The tumor suppressor p53 plays an important role in regulating cisplatin-induced apoptosis of renal cells (1315). Thus, we examined whether cisplatin could induce the activation of p53 via phosphorylation at serine 15 in HK-2 cells. HK-2 cells were treated with 40 µM cisplatin for different times, and the expression and phosphorylation status of p53 were then determined by western blot analysis. The levels of total and phosphorylated p53, which is directly associated with p53 activation, were increased in a time-dependent manner (Fig. 2A), whereas pifithrin-α, a specific p53 inhibitor, reduced p53 expression and phosphorylation in cells exposed to cisplatin (Fig. 2B). We next examined whether p53 activation was associated with cisplatin-induced apoptosis. HK-2 cells were treated with cisplatin in the absence or presence of pifithrin-α, and caspase-3 activation and PARP cleavage were then determined with the caspase-3 colorimetric assay kit and western blot analysis. As shown in Fig. 2C and D, cisplatin-induced activation of caspase-3 and cleavage of PARP were markedly inhibited by pifithrin-α. These results indicate that p53 activation is required for cisplatin-induced apoptosis in HK-2 cells.

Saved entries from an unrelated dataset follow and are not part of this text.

Lemma has_rank_oproj : has_rank oproj k.
Proof.
exists u; split; first exact: orthonormal_lin_indep.
  move=> l; exists (u l); rewrite /oproj (eq_bigr (fun j => if j == l then u j else 0)).
    by rewrite -big_mkcond big_pred1_eq.
  by move=> j _; rewrite u_orthonormal scaler_nat mulrb eq_sym.
by move=> x; exists (fun j => ip x (u j)).
Qed.

End OrthonormalFamily.

Section LinearOperator.
Variables (R : realType) (H : lmodType R[i]) (ip : H -> H -> R[i]).
Hypothesis ipP : is_inner_product ip.
Variable V : H -> H.
Hypothesis V_lin : is_linear_op V.

Fact V_linear : linear V. Proof. by move=> a x y; apply: V_lin. Qed.
HB.instance Definition _ := GRing.isLinear.Build R[i] H H *:%R V V_linear.

Fact iter_V_linear n : linear (iter n V).
Proof. by move=> a x y; elim: n => //= n ->; rewrite linearD linearZ. Qed.
HB.instance Definition _ n := GRing.isLinear.Build R[i] H H *:%R (iter n V) (iter_V_linear n).

Local Notation sqnorm := (sqnorm ip).

Lemma num_range_of_orthonormal k (u : 'I_k -> H) lam :
  orthonormal ip u -> (forall i j, ip (V (u i)) (u j) = lam * (i == j)%:R) ->
  higher_rank_num_range ip k V lam.
Proof.
move=> u_on Vu; exists (oproj ip u).
split; [exact: orth_projection_oproj | exact: has_rank_oproj |] => x.
rewrite [in LHS]/oproj [in RHS]/oproj scaler_sumr; apply: eq_bigr => l _.
rewrite scalerA; congr (_ *: _); rewrite /oproj linear_sum (ip_suml ipP).
rewrite (eq_bigr (fun j => if j == l then lam * ip x (u j) else 0)).
  by rewrite -big_mkcond big_pred1_eq.
by move=> j _; rewrite linearZ (ipZl ipP) Vu; case: (j == l); rewrite ?mulr1 ?mulr0 // mulrC.
Qed.

Lemma min_dist_orthogonal y x :
  (forall x', sqnorm (y - V x) <= sqnorm (y - V x')) -> forall w, ip (y - V x) (V w) = 0.
Proof.
move=> xmin w; set u := y - V x; set c := ip u (V w); set q := sqnorm (V w).
pose m := Re c ^+ 2 + Im c ^+ 2; pose t := (q + 1)^-1.
have q0 : 0 <= q := sqnorm_ge0 ipP _.
have t0 : 0 < t by rewrite invr_gt0; lra.
have tq : t * q < 1 by rewrite mulrC ltr_pdivrMr; lra.
have shift : y - V (x + (t%:C * c) *: w) = u - (t%:C * c) *: V w.
  by rewrite linearD linearZ opprD addrA.
(* Moving x by t c w changes the squared distance by t |c|^2 (t q - 2) < 0 unless c = 0. *)
have := xmin (x + (t%:C * c) *: w).
rewrite shift (sqnormB ipP u) (sqnormZ ipP) (ipZr ipP) -/c -/q.
have -> : Re (t%:C * c) ^+ 2 + Im (t%:C * c) ^+ 2 = t ^+ 2 * m.
  by rewrite /m; case: (c) => a b /=; ring.
have -> : Re ((t%:C * c)^* * c) = t * m by rewrite /m; case: (c) => a b /=; ring.
have m0 : 0 <= m by rewrite /m addr_ge0 ?sqr_ge0.
move=> h; have : m * (t * (2 - t * q)) <= 0 by nra.
rewrite pmulr_lle0 => [m_le0|]; last by rewrite mulr_gt0 // subr_gt0; lra.
have m_eq0 : m = 0 by apply/eqP; rewrite eq_le m_le0 m0.
have /eqP : `|c| ^+ 2 = 0 by rewrite -add_Re2_Im2 -/m m_eq0.
by rewrite expf_eq0 /= normr_eq0 => /eqP.
Qed.

Section Isometry.
Hypothesis V_norm : forall x, hnorm ip (V x) = hnorm ip x.

Lemma ip_isometry x y : ip (V x) (V y) = ip x y.
Proof.
have ipVV z : ip (V z) (V z) = ip z z.
  by have := congr1 (fun t => t ^+ 2) (V_norm z); rewrite /hnorm !sqrtCK.
have h1 := ipVV (x + y); have h2 := ipVV (x + 'i *: y).
rewrite linearD /= !(ipDl ipP) !(ipDr ipP) !ipVV in h1.
rewrite linearD linearZ /= !(ipDl ipP) !(ipDr ipP) !(ipZl ipP) !(ipiZr ipP) !ipVV in h2.
move: h1 h2.
move: (ip (V x) (V y)) (ip (V y) (V x)) (ip x y) (ip y x) (ip x x) (ip y y) => A B a b X Y h1 h2.
(* Polarization: h1 gives A + B = a + b and h2 gives A - B = a - b. *)
have : 2 * (A - a) = (X + A + (B + Y) - (X + a + (b + Y))) +
   'i * ((X + -'i * A + ('i * B + 'i * (-'i * Y))) - (X + -'i * a + ('i * b + 'i * (-'i * Y))))
   + (1 + 'i ^+ 2) * (A - B - a + b) by ring.
rewrite h1 h2 !subrr mulr0 addr0 sqr_i subrr mul0r addr0 => /eqP.
by rewrite mulf_eq0 pnatr_eq0 /= subr_eq0 => /eqP.
Qed.

Lemma sqnorm_isometry x : sqnorm (V x) = sqnorm x.
Proof. by rewrite /sqnorm ip_isometry. Qed.

Lemma sqnorm_sub_le_excess y d x1 x2 : (forall x, d <= sqnorm (y - V x)) ->
  sqnorm (x1 - x2) <= 2 * (sqnorm (y - V x1) - d) + 2 * (sqnorm (y - V x2) - d).
Proof.
move=> d_le; pose c := 2^-1 *: (x1 + x2).
have mid : y - 2^-1 *: (V x1 + V x2) = y - V c by rewrite [in RHS]linearZ /= [in RHS]linearD.
rewrite -sqnorm_isometry linearB /= (sqnorm_apollonius ipP y (V x1) (V x2)) mid.
by have := d_le c; lra.
Qed.

Lemma dist_attained : complete_space ip ->
  forall y, exists x, forall x', sqnorm (y - V x) <= sqnorm (y - V x').
Proof.
move=> complete y; pose D x := sqnorm (y - V x).
pose S r := exists x, r = D x.
have S_inf : classical_sets.has_inf S.
  by split; [exists (D 0), 0 | exists 0 => _ [x ->]; apply: sqnorm_ge0].
pose d := inf S.
have d_le x : d <= D x by apply: (ge_inf S_inf.2); exists x.
have near n : exists x, D x < d + n.+1%:R^-1.
  have n_pos : 0 < n.+1%:R^-1 :> R by rewrite invr_gt0 ltr0Sn.
  by have [_ [x ->]] := inf_adherent n_pos S_inf; exists x.
pose s n := xchoose (near n).
have s_near n : D (s n) < d + n.+1%:R^-1 := xchooseP (near n).
have s_close m n : sqnorm (s m - s n) <= 2 * m.+1%:R^-1 + 2 * n.+1%:R^-1.
  have := sqnorm_sub_le_excess (s m) (s n) d_le; have := s_near m; have := s_near n.
  by rewrite /D; move: (m.+1%:R^-1) (n.+1%:R^-1) => a b; lra.
have [x s_cv] : exists x, converges_to ip s x.
  apply: complete; apply: (cauchy_seq_sqnorm ipP) => e e0.
  have [N hN] := inv_succ_lt (divr_gt0 e0 (ltr0n R 4)).
  exists N => m n /hN m_small /hN n_small.
  apply: le_lt_trans (s_close m n) _.
  by move: m_small n_small; move: (m.+1%:R^-1) (n.+1%:R^-1) => a b; lra.
exists x => x'; apply: le_trans (d_le x'); apply: (sqnorm_le_of_approx ipP) => e e0.
have [N1 hN1] := inv_succ_lt e0.
have [N2 hN2] := converges_to_sqnorm ipP s_cv e0.
pose n := maxn N1 N2; exists (y - V (s n)); split.
  by apply: ltW; apply: lt_le_trans (s_near n) _; rewrite lerD2l ltW // hN1 // leq_maxl.
have -> : y - V x - (y - V (s n)) = V (s n - x).
  by rewrite [RHS]linearB /= opprB addrC addrA subrK.
rewrite sqnorm_isometry.
by apply: ltW; rewrite hN2 // leq_maxr.
Qed.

Phosphorylation of eIF2α suppresses cisplatin-induced p53 activation and apoptosis in HK-2 cells

Lee and Kim reported that the stabilization of p53 is affected by ER stress-mediated eIF2α phosphorylation (21). p53 stability is associated with the phosphorylation of p53, which leads to stabilization of p53 by reducing its interaction with murine double minute 2, a negative regulator of p53 (22). It was first examined whether cisplatin was able to induce phosphorylation of eIF2α in HK-2 cells. The cells were treated with 40 µM cisplatin for the indicated times, and the phosphorylation status of eIF2α was then determined by western blot analysis. The levels of eIF2α phosphorylation were increased time-dependently (Fig. 3A). Changes in the expression and phosphorylation status of p53 according to phosphorylation or dephosphorylation of eIF2α were next examined in HK-2 cells exposed to cisplatin. The cells were pretreated with Sal003 to inhibit dephosphorylation of eIF2α, or transfected with siRNA against PERK to block PERK-eIF2α phosphorylation prior to cisplatin treatment. As shown in Fig. 3B, Sal003 enhanced cisplatin-induced phosphorylation of eIF2α, and reduced expression and phosphorylation of p53 in cisplatin-treated cells. Furthermore, the siRNA-mediated knockdown of PERK completely blocked cisplatin-induced phosphorylation of eIF2α, and promoted expression of p53 and its phosphorylation in cisplatin-treated cells. Finally, it was investigated whether eIF2α-regulated p53 activation could be associated with cisplatin-induced apoptosis in HK-2 cells. As shown in Fig. 4, cisplatin-induced activation of caspase-3 and cleavage of PARP were inhibited by Sal003, whereas they were promoted by PERK knockdown. These results indicate that phosphorylation of eIF2α may confer resistance to cisplatin-induced apoptosis, at least in part, via p53 activation in HK-2 cells.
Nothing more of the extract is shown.